I believe the key here is differentiating between a job and a career. Would you consider a job as something you do for a paycheck and a career as something you do out of passion? They both make money but a career is a much longer goal, something more long-term.

When you think about becoming an auto mechanic you have to look at the full range of opportunities. Cars are not what they use to be, cars have more electronics in them and technology has made cars "more than just machines."

In this context we expand the job called "auto mechanic" to "auto technician," and this is where you find even more opportunities for your talents. There is no doubt that repairing cars is still looked at as a dirty job, but as you investigate all the employment opportunities in this industry, you will discover just how many opportunities exist that don't involve oil and grease.

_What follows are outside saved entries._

(* Let $L$ be a finite-dimensional Lie algebra over an algebraically closed field $F$ of any characteristic. Then $L$ has a maximal subalgebra $M$ that is abelian if and only if either (i) $L$ has an abelian ideal of codimension one in $L$; or (ii) $L^{(1)}$ has dimension one and $\phi(L)=0$. In either case, $L$ is completely solvable.
   Context: $L^{(1)}=[L,L]$. $L$ is completely solvable if $L^{(1)}$ is nilpotent. $\phi(L)$ is the Frattini ideal: the largest ideal of $L$ contained in the intersection of all maximal subalgebras of $L$. *)

From HB Require Import structures.
From mathcomp Require Import all_boot all_order all_algebra all_field.
Set Implicit Arguments. Unset Strict Implicit. Unset Printing Implicit Defensive.
Import GRing.Theory.
Local Open Scope ring_scope.

(* A finite-dimensional Lie algebra over F: a vectType L (finite dimensional
   by construction) with a bracket br that is bilinear, alternating and
   satisfies the Jacobi identity. *)
Definition lie_bracket (F : fieldType) (L : vectType F) (br : L -> L -> L) :=
  [/\ (forall (a : F) (x y z : L), br (a *: x + y) z = a *: br x z + br y z),
      (forall (a : F) (x y z : L), br z (a *: x + y) = a *: br z x + br z y),
      (forall x : L, br x x = 0) &
      (forall x y z : L, br x (br y z) + br y (br z x) + br z (br x y) = 0)].

Section Lie.
Variables (F : fieldType) (L : vectType F) (br : L -> L -> L).

(* [U, V] : the subspace spanned by all brackets [u, v], u in U, v in V
   (by bilinearity, spanned by the brackets of basis vectors). *)
Definition brspace (U V : {vspace L}) : {vspace L} :=
  <<[seq br u v | u <- vbasis U, v <- vbasis V]>>%VS.

Definition subalgebra (U : {vspace L}) :=
  forall x y, x \in U -> y \in U -> br x y \in U.

Definition ideal (I : {vspace L}) :=
  forall x y, x \in I -> br y x \in I.

Definition abelian_sub (U : {vspace L}) :=
  forall x y, x \in U -> y \in U -> br x y = 0.

Definition maximal_subalgebra (M : {vspace L}) :=
  [/\ subalgebra M, M != fullv%VS &
      forall S, subalgebra S -> (M <= S)%VS -> S = M \/ S = fullv%VS].

Definition derived : {vspace L} := brspace fullv%VS fullv%VS.

Fixpoint lcs (K : {vspace L}) (n : nat) : {vspace L} :=
  if n is m.+1 then brspace K (lcs K m) else K.

Definition nilpotent_sub (K : {vspace L}) := exists n, lcs K n = 0%VS.

Definition completely_solvable := nilpotent_sub derived.

Definition frattini_ideal (Phi : {vspace L}) :=
  [/\ ideal Phi,
      (forall M, maximal_subalgebra M -> (Phi <= M)%VS) &
      (forall I, ideal I -> (forall M, maximal_subalgebra M -> (I <= M)%VS) ->
         (I <= Phi)%VS)].

End Lie.

From HB Require Import structures.
From mathcomp Require Import all_boot all_order all_algebra all_field.
Set Implicit Arguments. Unset Strict Implicit. Unset Printing Implicit Defensive.
Import GRing.Theory.
Local Open Scope ring_scope.
From Stdlib Require Import Classical.
Import passmx.

(* For an abelian maximal subalgebra M the operators ad m (m in M) commute, so
   over an algebraically closed field they have a common eigenvector x modulo M;
   then M + Fx is a subalgebra, hence all of L, and M has codimension one.
   Either M is then an ideal, or some ad m0 moves x out of M; shifting x by an
   element of M makes it an eigenvector y of ad m0 with nonzero eigenvalue, the
   Jacobi identity forces [L, y] = Fy, and the centraliser of y is an abelian
   ideal of codimension one.  Conversely, an abelian subspace of codimension one
   is a maximal subalgebra, and if L^(1) is a line and phi(L) = 0 then some
   maximal subalgebra misses L^(1), so meets it trivially and is abelian.
   Finally L^(1) is abelian in both cases: it lies in the codimension-one ideal,
   or it is one-dimensional. *)

Section Subspaces.
Variables (K : fieldType) (V : vectType K).

Lemma minimal_vspace (P : {vspace V} -> Prop) (W : {vspace V}) : P W ->
  exists W0, P W0 /\ forall W1, P W1 -> (W1 <= W0)%VS -> W1 = W0.
Proof.
have [n] := ubnP (\dim W); elim: n W => // n IH W; rewrite ltnS => leWn PW.
have [[W1 [PW1 sW1W neW1W]] | minW] :=
  classic (exists W1, [/\ P W1, (W1 <= W)%VS & W1 != W]).
  apply: IH PW1; apply: leq_trans leWn.
  by rewrite (ltn_leqif (dimv_leqif_eq sW1W)) neW1W.
exists W; split => // W1 PW1 sW1W; apply: NNPP => neW1W.
by apply: minW; exists W1; split => //; apply/eqP.
Qed.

The Difference Between a Job and a Career

When we look at the words "Job and Career," we want to look at the words that come before them.

Listen to how people address what they do: "I go to work or I work at a job."

Now, compare this to a career: "I'm building a career or my long term career goals are..."

Notice the difference? One is short term and one is long term. When a person talks about their career they speak in terms of building, this is almost like building a business. When people speak about their job it's like a routine, there is no tone of personal investment in it.

One of the reasons we address auto mechanics as a career, is because of stability and growth.


It seems very doubtful that auto maintenance will be outsourced, and the fact is cars will still break down and need repairing. The demand for auto mechanics will remain high and pay should be good throughout.

The other factor is, cars are evolving. Cars are more complex and this opens the door for opportunities that reach beyond repairing cars. Electronic, computers, sensors, systems, these are all things that have been incorporated in today's vehicles, and the general label of auto mechanic becomes much more specialized as cars become more integrated with the things mentioned above.

As industry experts see it, outsourcing auto repair is impossible and job security and wages both seem to be positioned for stability and growth going forward.

Training For a Career in Auto Mechanics

Even though you have an aptitude for repairing cars and you have a lot of hands on experience, most employers still want more formal training before they will talk to you. I know there are backyard mechanics that know more than shop mechanics, but that's the way it is.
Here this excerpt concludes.